Такого сурового наказания я, конечно, не ожидал. И уже без сил тихо обижено произнёс:

–За что, папа?

–За всё хорошее, сынок! – ответил отец. Надел на меня футболку и увёз с корзиной домой.


Рыбалка Сидляровых.

На крыльце мы встретили Сидлярова. Он, слегка пошатываясь, вылез из переднего пассажирского сидения Победы. Достал из бокового кармана пиджака ключи и бросил небрежно дяде Павлу, который был за водителя:

– Поставишь машину в гараж и ключи мне принесёшь.

Открылась задняя дверка машины, из неё вышел Зенок. В одной руке он нес металлический садок, в нём лежала огромная, красивая, неведомая мне рыбина, в другой две удочки. Не здороваясь, он важно проследовал мимо нас. Тут подошёл сам Сидляров, он протянул отцу руку, и они поздоровались. Увидев, корзину с грибами он удивился:

– Что грибы пошли? Мы заезжали на рынок в Лиду, так не видели.

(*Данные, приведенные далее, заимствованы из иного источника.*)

Definition cmpb (c : cmp) (x y : R) : bool :=
  match c with
  | CLt => if Rlt_dec x y then true else false
  | CLe => if Rle_dec x y then true else false
  | CEq => if Req_EM_T x y then true else false
  | CGe => if Rge_dec x y then true else false
  | CGt => if Rgt_dec x y then true else false
  end.

Inductive oterm := OVar (x : nat) | OCst (o : Obj S).

(* Situation-suppressed clocked formulas, uniform in the (suppressed)
   situation.  FActIs / FActWait are the atoms  a = A(ts)  and
   (exists t. a = wait(t))  about the action variable a of successor
   state axioms. *)
Inductive formula :=
  | FTrue | FFalse
  | FRel (F : RFl S) (ts : list oterm)
  | FEq (t1 t2 : oterm)
  | FClk (f : FFl S) (ts : list oterm) (c : cmp) (v : nat)
  | FNum (v : nat) (c : cmp) (v' : nat)
  | FActIs (A : ActT S) (ts : list oterm)
  | FActWait
  | FNot (p : formula)
  | FAnd (p q : formula)
  | FOr (p q : formula)
  | FEx (x : nat) (p : formula)
  | FAll (x : nat) (p : formula).

Fixpoint time_independent (p : formula) : Prop :=
  match p with
  | FClk _ _ _ _ | FNum _ _ _ => False
  | FNot q | FEx _ q | FAll _ q => time_independent q
  | FAnd q r | FOr q r => time_independent q /\ time_independent r
  | _ => True
  end.

Fixpoint action_free (p : formula) : Prop :=
  match p with
  | FActIs _ _ | FActWait => False
  | FNot q | FEx _ q | FAll _ q => action_free q
  | FAnd q r | FOr q r => action_free q /\ action_free r
  | _ => True
  end.

Fixpoint consts (p : formula) : list nat :=
  match p with
  | FClk _ _ _ v => [v]
  | FNum v _ v' => [v; v']
  | FNot q | FEx _ q | FAll _ q => consts q
  | FAnd q r | FOr q r => consts q ++ consts r
  | _ => []
  end.

Inductive action := Act (A : ActT S) (os : list (Obj S)) | Wait (t : R).

Definition situation := list action.
Definition S0 : situation := [].
Definition do_ (a : action) (s : situation) : situation := a :: s.

(* values of the fluents in a situation (in the unique model of D) *)
Record valuation := {
  rv : RFl S -> list (Obj S) -> bool;
  cv : FFl S -> list (Obj S) -> R
}.

Definition env := nat -> option (Obj S).
Definition upd (e : env) (x : nat) (o : Obj S) : env :=
  fun y => if Nat.eqb y x then Some o else e y.
Definition env_of (os : list (Obj S)) : env := fun i => nth_error os i.
Definition env_empty : env := fun _ => None.

Definition tval (e : env) (t : oterm) : option (Obj S) :=
  match t with OVar x => e x | OCst o => Some o end.

Fixpoint targs (e : env) (ts : list oterm) : option (list (Obj S)) :=
  match ts with
  | [] => Some []
  | t :: ts' =>
      match tval e t, targs e ts' with
      | Some o, Some os => Some (o :: os)
      | _, _ => None
      end
  end.

Definition obj_eqb (x y : Obj S) : bool :=
  if Obj_eq_dec S x y then true else false.
Definition objs_eqb (x y : list (Obj S)) : bool :=
  if list_eq_dec (Obj_eq_dec S) x y then true else false.

(* truth value of a formula in valuation v, with current action act
   (the action variable a of an SSA), and object assignment e.
   Quantifiers range over the object constants (domain closure). *)
Fixpoint eval (v : valuation) (act : option action) (e : env) (p : formula)
  : bool :=
  match p with
  | FTrue => true
  | FFalse => false
  | FRel F ts => match targs e ts with Some os => rv v F os | None => false end
  | FEq t1 t2 =>
      match tval e t1, tval e t2 with
      | Some a, Some b => obj_eqb a b
      | _, _ => false
      end
  | FClk f ts c n =>
      match targs e ts with Some os => cmpb c (cv v f os) (INR n) | None => false end
  | FNum n c n' => cmpb c (INR n) (INR n')
  | FActIs A ts =>
      match act, targs e ts with
      | Some (Act B os'), Some os =>
          (if ActT_eq_dec S A B then true else false) && objs_eqb os os'
      | _, _ => false
      end
  | FActWait => match act with Some (Wait _) => true | _ => false end
  | FNot q => negb (eval v act e q)
  | FAnd q r => eval v act e q && eval v act e r
  | FOr q r => eval v act e q || eval v act e r
  | FEx x q => existsb (fun o => eval v act (upd e x o) q) (objs S)
  | FAll x q => forallb (fun o => eval v act (upd e x o) q) (objs S)
  end.

End SitCalc.

Arguments formula S : clear implicits.
Arguments oterm S : clear implicits.
Arguments action S : clear implicits.
Arguments situation S : clear implicits.
Arguments valuation S : clear implicits.

(* A clocked BAT.  It is given by its axioms' right-hand sides:         *)
(*  - D_0 (complete information on relational fluents; every functional *)
(*    fluent is 0 at S0):            init F os                          *)
(*  - Poss(A(x_0..x_{n-1}), s) == poss A   (free vars 0..n-1),          *)
(*    Poss(wait(t), s) == True                                           *)
(*  - F(x_0..x_{n-1}, do(a,s)) == ssa F   (free vars 0..n-1, action a)  *)
(*  - f(x, do(a,s)) = y == (exists t. a = wait(t) /\ y = f(x,s) + t)     *)
(*       \/ (not exists t. a = wait t) /\ (reset f /\ y = 0 \/           *)
(*                                        ~ reset f /\ y = f(x,s))        *)
Record ClockedBAT (S : Signature) := {
  init : RFl S -> list (Obj S) -> bool;
  poss : ActT S -> formula S;
  ssa : RFl S -> formula S;
  reset : FFl S -> formula S;
  poss_action_free : forall A, action_free (poss A);
  reset_time_independent : forall f, time_independent (reset f)
}.

Arguments init {S} _ _ _.
Arguments poss {S} _ _.
Arguments ssa {S} _ _.
Arguments reset {S} _ _.

Definition bat_consts_bounded {S : Signature} (D : ClockedBAT S) (K : nat) : Prop :=
  (forall A n, In n (consts (poss D A)) -> (n <= K)%nat) /\
  (forall F n, In n (consts (ssa D F)) -> (n <= K)%nat) /\
  (forall f n, In n (consts (reset D f)) -> (n <= K)%nat).

Section Semantics.
Context {S : Signature} (D : ClockedBAT S).

Definition val0 : valuation S :=
  {| rv := init D; cv := fun _ _ => 0 |}.

Definition step_val (v : valuation S) (a : action S) : valuation S :=
  {| rv := fun F os => eval v (Some a) (env_of os) (ssa D F);
     cv := fun f os =>
       match a with
       | Wait t => cv v f os + t
       | Act _ _ => if eval v (Some a) (env_of os) (reset D f) then 0 else cv v f os
       end |}.

Fixpoint sval (s : situation S) : valuation S :=
  match s with
  | [] => val0
  | a :: s' => step_val (sval s') a
  end.

Definition holds (p : formula S) (s : situation S) : Prop :=
  eval (sval s) None env_empty p = true.

Definition Poss (a : action S) (s : situation S) : Prop :=
  match a with
  | Act A os => eval (sval s) None (env_of os) (poss D A) = true
  | Wait _ => True
  end.

Definition clock := (FFl S * list (Obj S))%type.
Definition is_clock (w : clock) : Prop := length (snd w) = ffl_arity S (fst w).
Definition nu (s : situation S) : clock -> R := fun w => cv (sval s) (fst w) (snd w).
Definition shift (n : clock -> R) (t : R) : clock -> R := fun w => n w + t.

End Semantics.

Definition floorR (x : R) : R := IZR (Int_part x).
Definition ceilR (x : R) : R := - floorR (- x).

Definition simK (K : nat) (u v : R) : Prop :=
  (u > INR K /\ v > INR K) \/
  (u <= INR K /\ v <= INR K /\ floorR u = floorR v /\ ceilR u = ceilR v).

Definition fract (K : nat) (v : R) : R :=
  if Rle_dec v (INR K) then v - floorR v else 0.

Definition region_eq {S : Signature} (K : nat) (n n' : @clock S -> R) : Prop :=
  (forall w, is_clock w -> simK K (n w) (n' w)) /\
  (forall w w', is_clock w -> is_clock w' ->
     (fract K (n w) <= fract K (n w') <-> fract K (n' w) <= fract K (n' w'))).

Definition approx {S : Signature} (D : ClockedBAT S) (K : nat) (s1 s2 : situation S) : Prop :=
  (forall F os, length os = rfl_arity S F -> rv (sval D s1) F os = rv (sval D s2) F os) /\
  region_eq K (nu D s1) (nu D s2).

Definition cls (S : Signature) := situation S -> Prop.
Definition eqclass {S : Signature} (D : ClockedBAT S) (K : nat) (s : situation S) : cls S :=
  fun s' => approx D K s s'.

(* TSuccs: any function with the required specification *)
Definition TSuccs_spec {S : Signature} (TS : (@clock S -> R) -> nat -> list R) : Prop :=
  forall (n : @clock S -> R) (K : nat),
    (forall t, In t (TS n K) -> 0 <= t) /\
    (forall t, 0 <= t -> exists t', In t' (TS n K) /\ region_eq K (shift n t) (shift n t')).

Section Golog.
Context {S : Signature}.

Inductive prog :=
  | PAct (A : ActT S) (ts : list (oterm S))
  | PWait
  | PTest (p : formula S)
  | PSeq (d1 d2 : prog)
  | PChoice (d1 d2 : prog)
  | PPi (x : nat) (d : prog)
  | PStar (d : prog)
  | PConc (d1 d2 : prog).

Definition Pnil : prog := PTest FTrue.

Definition subst_t (x : nat) (o : Obj S) (t : oterm S) : oterm S :=
  match t with OVar y => if Nat.eqb y x then OCst o else t | OCst _ => t end.

Fixpoint subst_f (x : nat) (o : Obj S) (p : formula S) : formula S :=
  match p with
  | FRel F ts => FRel F (map (subst_t x o) ts)
  | FEq t1 t2 => FEq (subst_t x o t1) (subst_t x o t2)
  | FClk f ts c v => FClk f (map (subst_t x o) ts) c v
  | FActIs A ts => FActIs A (map (subst_t x o) ts)
  | FNot q => FNot (subst_f x o q)
  | FAnd q r => FAnd (subst_f x o q) (subst_f x o r)
  | FOr q r => FOr (subst_f x o q) (subst_f x o r)
  | FEx y q => if Nat.eqb y x then p else FEx y (subst_f x o q)
  | FAll y q => if Nat.eqb y x then p else FAll y (subst_f x o q)
  | _ => p
  end.

Fixpoint subst_p (x : nat) (o : Obj S) (d : prog) : prog :=
  match d with
  | PAct A ts => PAct A (map (subst_t x o) ts)
  | PWait => PWait
  | PTest p => PTest (subst_f x o p)
  | PSeq d1 d2 => PSeq (subst_p x o d1) (subst_p x o d2)
  | PChoice d1 d2 => PChoice (subst_p x o d1) (subst_p x o d2)
  | PPi y d1 => if Nat.eqb y x then d else PPi y (subst_p x o d1)
  | PStar d1 => PStar (subst_p x o d1)
  | PConc d1 d2 => PConc (subst_p x o d1) (subst_p x o d2)
  end.

Variable D : ClockedBAT S.

Inductive Final : prog -> situation S -> Prop :=
  | F_test p s : holds D p s -> Final (PTest p) s
  | F_seq d1 d2 s : Final d1 s -> Final d2 s -> Final (PSeq d1 d2) s
  | F_ch1 d1 d2 s : Final d1 s -> Final (PChoice d1 d2) s
  | F_ch2 d1 d2 s : Final d2 s -> Final (PChoice d1 d2) s
  | F_pi x d o s : Final (subst_p x o d) s -> Final (PPi x d) s
  | F_star d s : Final (PStar d) s
  | F_conc d1 d2 s : Final d1 s -> Final d2 s -> Final (PConc d1 d2) s.

Inductive Trans : prog -> situation S -> action S -> prog -> situation S -> Prop :=
  | T_act A ts os s :
      targs env_empty ts = Some os -> Poss D (Act A os) s ->
      Trans (PAct A ts) s (Act A os) Pnil (do_ (Act A os) s)
  | T_wait t s : Trans PWait s (Wait t) Pnil (do_ (Wait t) s)
  | T_seq1 d1 d2 s a g s' :
      Trans d1 s a g s' -> Trans (PSeq d1 d2) s a (PSeq g d2) s'
  | T_seq2 d1 d2 s a d' s' :
      Final d1 s -> Trans d2 s a d' s' -> Trans (PSeq d1 d2) s a d' s'
  | T_ch1 d1 d2 s a d' s' : Trans d1 s a d' s' -> Trans (PChoice d1 d2) s a d' s'
  | T_ch2 d1 d2 s a d' s' : Trans d2 s a d' s' -> Trans (PChoice d1 d2) s a d' s'
  | T_pi x d o s a d' s' : Trans (subst_p x o d) s a d' s' -> Trans (PPi x d) s a d' s'
  | T_star d s a g s' : Trans d s a g s' -> Trans (PStar d) s a (PSeq g (PStar d)) s'
  | T_conc1 d1 d2 s a g s' :
      Trans d1 s a g s' -> Trans (PConc d1 d2) s a (PConc g d2) s'
  | T_conc2 d1 d2 s a g s' :
      Trans d2 s a g s' -> Trans (PConc d1 d2) s a (PConc d1 g) s'.

End Golog.

Arguments prog S : clear implicits.

(* Algorithm 2, as a (nondeterministic) small-step transition relation *)
(* on configurations.  The inner loop over alpha in Acts and over    *)
(* the pairs with Trans processes the successors of the selected  *)
(* node one at a time (in any order).                                  *)
Section Algorithm2.
Context {S : Signature} (D : ClockedBAT S) (K : nat)
        (TS : (@clock S -> R) -> nat -> list R).

Definition state := (cls S * prog S)%type.

Definition in_Acts (s : situation S) (a : action S) : Prop :=
  (exists A os, a = Act A os /\ length os = act_arity S A) \/
  (exists t, a = Wait t /\ In t (TS (nu D s) K)).

Record config := {
  Open : list (situation S * prog S);
  V : list state;
  E : list (state * state);
  (* Some (s, d, done): node (s,d) being expanded, successors in done
     already processed; None: between iterations of the while loop *)
  cur : option (situation S * prog S * list (action S * prog S * situation S))
}.
Definition hvl_branch (t : tree n) (op : hvl_op) (l : 'I_n) (g : bool) : dist R (prog n) :=
  match op with
  | INS => dbind (unif R (iota 0 (tsize t))) (fun k =>
           dbind (unif R [:: true; false]) (fun side =>
           [:: (1, Some (ins t k g l side))]))
  | DEL => dbind (unif R (iota 0 (tsize t))) (fun k => [:: (1, del t k)])
  | SUB => dbind (unif R (iota 0 (tleaves t))) (fun j =>
           [:: (1, Some (sub_leaf t j l))])
  end.

Lemma hvl_SomeE (t : tree n) : hvl R (Some t) =
  dbind (unif R [:: INS; DEL; SUB]) (fun op =>
  dbind (unif R (enum 'I_n)) (fun l =>
  dbind (unif R [:: true; false]) (hvl_branch t op l))).
Proof. by []. Qed.

Lemma hvl_NoneE : hvl R None =
  dbind (unif R [:: INS; DEL; SUB]) (fun _ =>
  dbind (unif R (enum 'I_n)) (fun l =>
  dbind (unif R [:: true; false]) (fun _ => [:: (1, Some (Leaf l))]))).
Proof. by []. Qed.

Local Hint Resolve dnonneg_bind dnonneg_unif dnonneg_ret : core.

Lemma dnonneg_hvl_branch t op l g : dnonneg (hvl_branch t op l g).
Proof. by rewrite /hvl_branch; case: op; auto. Qed.

Local Hint Resolve dnonneg_hvl_branch : core.

Lemma dnonneg_hvl (X : prog n) : dnonneg (hvl R X).
Proof. by case: X => [t|]; rewrite ?hvl_SomeE ?hvl_NoneE; auto. Qed.

Lemma dexp_hvl_const (X : prog n) c : (0 < n)%N -> dexp (hvl R X) (fun _ => c) = c.
Proof.
move=> n_gt0; case: X => [t|]; rewrite ?hvl_SomeE ?hvl_NoneE.
all: apply: dexp_bind_unif_const => // op.
all: apply: dexp_bind_unif_const => [|l]; first by rewrite size_enum_ord.
all: apply: dexp_bind_unif_const => // g; rewrite ?dexp_ret //.
case: op; do !apply: dexp_bind_unif_const => [|?];
  by rewrite ?size_iota ?tsize_gt0 ?tleaves_gt0 ?dexp_ret.
Qed.

Lemma dexp_hvl_None_ge (G : prog n -> R) c : (0 < n)%N ->
  (forall l, c <= G (Some (Leaf l))) -> c <= dexp (hvl R None) G.
Proof.
move=> n_gt0 Gc; rewrite hvl_NoneE.
apply: ler_dexp_bind_unif => // op; apply: ler_dexp_bind_unif => [|l].
  by rewrite size_enum_ord.
by apply: ler_dexp_bind_unif => // g; rewrite dexp_ret.
Qed.

Lemma ins_root (t : tree n) g l : ins t 0 g l true = Node g t (Leaf l).
Proof. by case: t. Qed.

Lemma dexp_hvl_ins_root_ge (t : tree n) (G : prog n -> R) : (forall o, 0 <= G o) ->
  \sum_(l < n) (12 * n * tsize t)%:R^-1 * G (Some (Node true t (Leaf l)))
    <= dexp (hvl R (Some t)) G.
Proof.
move=> G_ge0; set G_ins := fun l => G (Some (Node true t (Leaf l))).
have branch_ge l :
    (tsize t)%:R^-1 * (2%:R^-1 * G_ins l) <= dexp (hvl_branch t INS l true) G.
  rewrite -[in X in X%:R^-1](size_iota 0 (tsize t)).
  apply: ler_dexp_bind_unif_at; auto.
    by case: (tsize t) (tsize_gt0 t) => //= m _; left.
  apply: (ler_dexp_bind_unif_at (s := [:: true; false]) (or_introl _)); auto.
  by rewrite dexp_ret ins_root.
(* Choose INS, the literal l, g = AND, node 0 and the old tree on the left. *)
have weight l : (12 * n * tsize t)%:R^-1 * G_ins l =
    3%:R^-1 * (n%:R^-1 * (2%:R^-1 * ((tsize t)%:R^-1 * (2%:R^-1 * G_ins l)))).
  by rewrite (_ : 12 * n * tsize t = 3 * n * 2 * tsize t * 2)%N ?natrM ?invfM; [ring | lia].
under eq_bigr do rewrite weight; rewrite -mulr_sumr hvl_SomeE.
apply: (ler_dexp_bind_unif_at (s := [:: INS; DEL; SUB]) (or_introl _)); auto.
rewrite dexp_bind_unif size_enum_ord big_enum; apply: ler_sum => l _.
rewrite ler_wpM2l ?invr_ge0 //.
by apply: (ler_dexp_bind_unif_at (s := [:: true; false]) (or_introl _)); auto.
Qed.

End Mutation.

Section DriftOnTruthSets.
Variables (R : realType) (n : nat).
Hypothesis n_gt1 : (1 < n)%N.
Local Notation input := {ffun 'I_n -> bool}.

Lemma ln_natX k : ln ((n ^ k)%:R : R) = k%:R * ln n%:R.
Proof. by rewrite natrX lnXn ?ltr0n 1?ltnW // mulr_natl. Qed.

Lemma ln_nat_ge_half : 1 / 2 <= ln (n%:R : R).
Proof.
suff : ln (2 : R) <= ln n%:R by have := @ln2_ge_half R; lra.
by rewrite ler_ln ?posrE ?ltr0n ?(ler_nat R 2) // ltnW.
Qed.

Definition threshold : R := (n ^ 4)%:R.

Lemma ln_threshold_ge1 : 1 <= ln threshold.
Proof. by rewrite ln_natX; have := ln_nat_ge_half; lra. Qed.

Lemma card_le_mul_zeros_sum (S : {set input}) : (2 <= #|S|)%N ->
  #|S|%:R <= 4 * ln (n%:R : R) * (zeros_sum S)%:R.
Proof.
move=> S_ge2; have := ln_nat_ge_half; have := card_leq_zeros_sum S.
rewrite -(ler_nat R) -natr1; have : (2 : R) <= #|S|%:R by rewrite (ler_nat R 2).
nra.
Qed.

Lemma card_mul_ln_le (S : {set input}) : (n ^ 4 < #|S|)%N ->
  #|S|%:R * ln (#|S|%:R : R) <= 4 * ln (n%:R : R) * (zeros_sum S)%:R.
Proof.
set s := #|S| => large.
have q_ge4 : (4 <= trunc_log n s)%N by rewrite trunc_log_max // ltnW.
have lo : (n ^ trunc_log n s <= s)%N by rewrite trunc_logP //; lia.
have hi := trunc_log_ltn s n_gt1.
case: (trunc_log n s) q_ge4 lo hi => // r; rewrite ltnS => r_ge3 lo hi.
have rs : (r * s <= 2 * zeros_sum S)%N.
  apply: card_mul_leq_zeros_sum => //; apply: leq_trans lo.
  by rewrite expnSr mulnC leq_mul2l n_gt1 orbT.
have lns : ln (s%:R : R) < (r%:R + 2) * ln n%:R.
  rewrite -[r%:R + 2]natrD addn2 -ln_natX ltr_ln ?posrE ?ltr0n ?ltr_nat ?expn_gt0 //; lia.
have lnn := ln_nat_ge_half.
have r3 : (3 : R) <= r%:R by rewrite (ler_nat R 3).
have {}rs : (r%:R * s%:R : R) <= 2 * (zeros_sum S)%:R by rewrite -!natrM ler_nat.
have lnn2_ge0 : 0 <= 2 * ln (n%:R : R) by lra.
have := ler_wpM2l lnn2_ge0 rs.
have := ler_wpM2l (ler0n R s) (ltW lns).
have : 0 <= (s%:R : R) * ln n%:R * (r%:R - 2) by rewrite !mulr_ge0 //; lra.
lra.
Qed.

Lemma card_mul_lam_le (S : {set input}) : (2 <= #|S|)%N ->
  #|S|%:R * lam threshold #|S|%:R <= 4 * ln (n%:R : R) * (zeros_sum S)%:R.
Proof.
move=> S_ge2; rewrite /lam; case: (lerP #|S|%:R threshold) => [_ | large].
  by rewrite mulr1 card_le_mul_zeros_sum.
by apply: card_mul_ln_le; rewrite -(ltr_nat R).
Qed.

Definition pot (s : nat) : R := psi threshold s%:R.

Lemma pot_sum_drift (S : {set input}) : all_true n \in S -> (2 <= #|S|)%N ->
  1 <= 4 * ln (n%:R : R) * \sum_(l < n) (pot #|S| - pot #|S :&: [set x : input | x l]|).
Proof.
move=> S1 S_ge2; set s := #|S|; set Sig := \sum_(l < n) _.
have slam_gt0 : 0 < s%:R * lam threshold s%:R.
  by rewrite mulr_gt0 ?lam_gt0 ?ln_threshold_ge1 ?ltr0n ?(ler_nat R 1) //; lia.
have zerosE : ((zeros_sum S)%:R : R) = \sum_(l < n) (s%:R - #|S :&: [set x : input | x l]|%:R).
  rewrite zeros_sumE natr_sum; apply: eq_bigr => l _.
  by rewrite /s -(cardsID [set x : input | x l] S) natrD addrC addKr.
have drift : ((zeros_sum S)%:R : R) <= s%:R * lam threshold s%:R * Sig.
  rewrite zerosE /Sig mulr_sumr; apply: ler_sum => l _.
  apply: psi_drift; first exact: ln_threshold_ge1.
    rewrite (ler_nat R 1) card_gt0; apply/set0Pn; exists (all_true n).
    by rewrite !inE S1 ffunE.
  by rewrite ler_nat subset_leq_card // subsetIl.
have lnn := ln_nat_ge_half.
have := card_mul_lam_le S_ge2; rewrite -/s => slam_le.
have lnn4_ge0 : 0 <= 4 * ln (n%:R : R) by lra.
have drift4 := ler_wpM2l lnn4_ge0 drift.
by rewrite -(ler_pM2l slam_gt0) mulr1; lra.
Qed.

Lemma pot_top_le : pot (2 ^ n) <= 5 * ln (n%:R : R).
Proof.
have lnn := ln_nat_ge_half.
have ln2_le1 := @ln2_le1 R; have ln2_ge := @ln2_ge_half R.
have n_ge2 : (2 : R) <= n%:R by rewrite (ler_nat R 2).
have lnM : ln ((2 ^ n)%:R : R) = n%:R * ln 2 by rewrite natrX lnXn // mulr_natl.
have lnM_ge1 : 1 <= ln ((2 ^ n)%:R : R) by rewrite lnM; nra.
have lnlnM : ln (ln ((2 ^ n)%:R : R)) <= ln n%:R.
  rewrite lnM ler_ln ?posrE ?mulr_gt0 ?ltr0n 1?ltnW //; nra.
have := @psi_le_lnln R threshold ln_threshold_ge1 (2 ^ n)%:R (2 ^ n)%:R.
rewrite /pot /threshold ln_natX (ler_nat R 1) expn_gt0 => /(_ isT (lexx _) lnM_ge1).
lra.
Qed.

End DriftOnTruthSets.

Section RLSPotential.
Variables (R : realType) (n ell : nat).
Hypotheses (n_gt1 : (1 < n)%N) (n_le_ell : (n <= ell)%N).

Definition scale : R := 96 * n%:R * ell%:R * ln n%:R.

Definition fit_pot (f : nat) : R :=
  if (f < 2 ^ n)%N then scale * pot R n f.+1 else 1 + scale * pot R n (2 ^ n).

Definition potential (X : prog n) : R := fit_pot (fitness X).

Definition accept (X X' : prog n) : prog n :=
  if (LeafCount X' <= ell)%N && (fitness X' <= fitness X)%N then X' else X.

Definition notfull_nonopt (X : prog n) : R :=
  ((fitness X != 0)%N && (LeafCount X < ell)%N)%:R.

Lemma scale_ge0 : 0 <= scale.
Proof. by rewrite /scale !mulr_ge0 ?ln_ge0 ?(ler_nat R 1) // ltnW. Qed.

Lemma pot_ler s s' : (1 <= s')%N -> (s' <= s)%N -> pot R n s' <= pot R n s.
Proof.
by move=> s'_ge1 s's; apply: psi_ler; rewrite ?ln_threshold_ge1 ?(ler_nat R 1) ?ler_nat.
Qed.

– Да нет, это мой бестолковый сынишка, где-то на болте наковырял.

– Чуть сам не утонул. Не знаю, как жене объяснить.

Отец поехал в сарай. Сидляров ушёл к себе. Я с корзиной грибов остался на крыльце. Вскоре вернулся отец.

– Ну что придумал, как маме объясним корзину грибов?

– Придумал! Можно немножко приврать?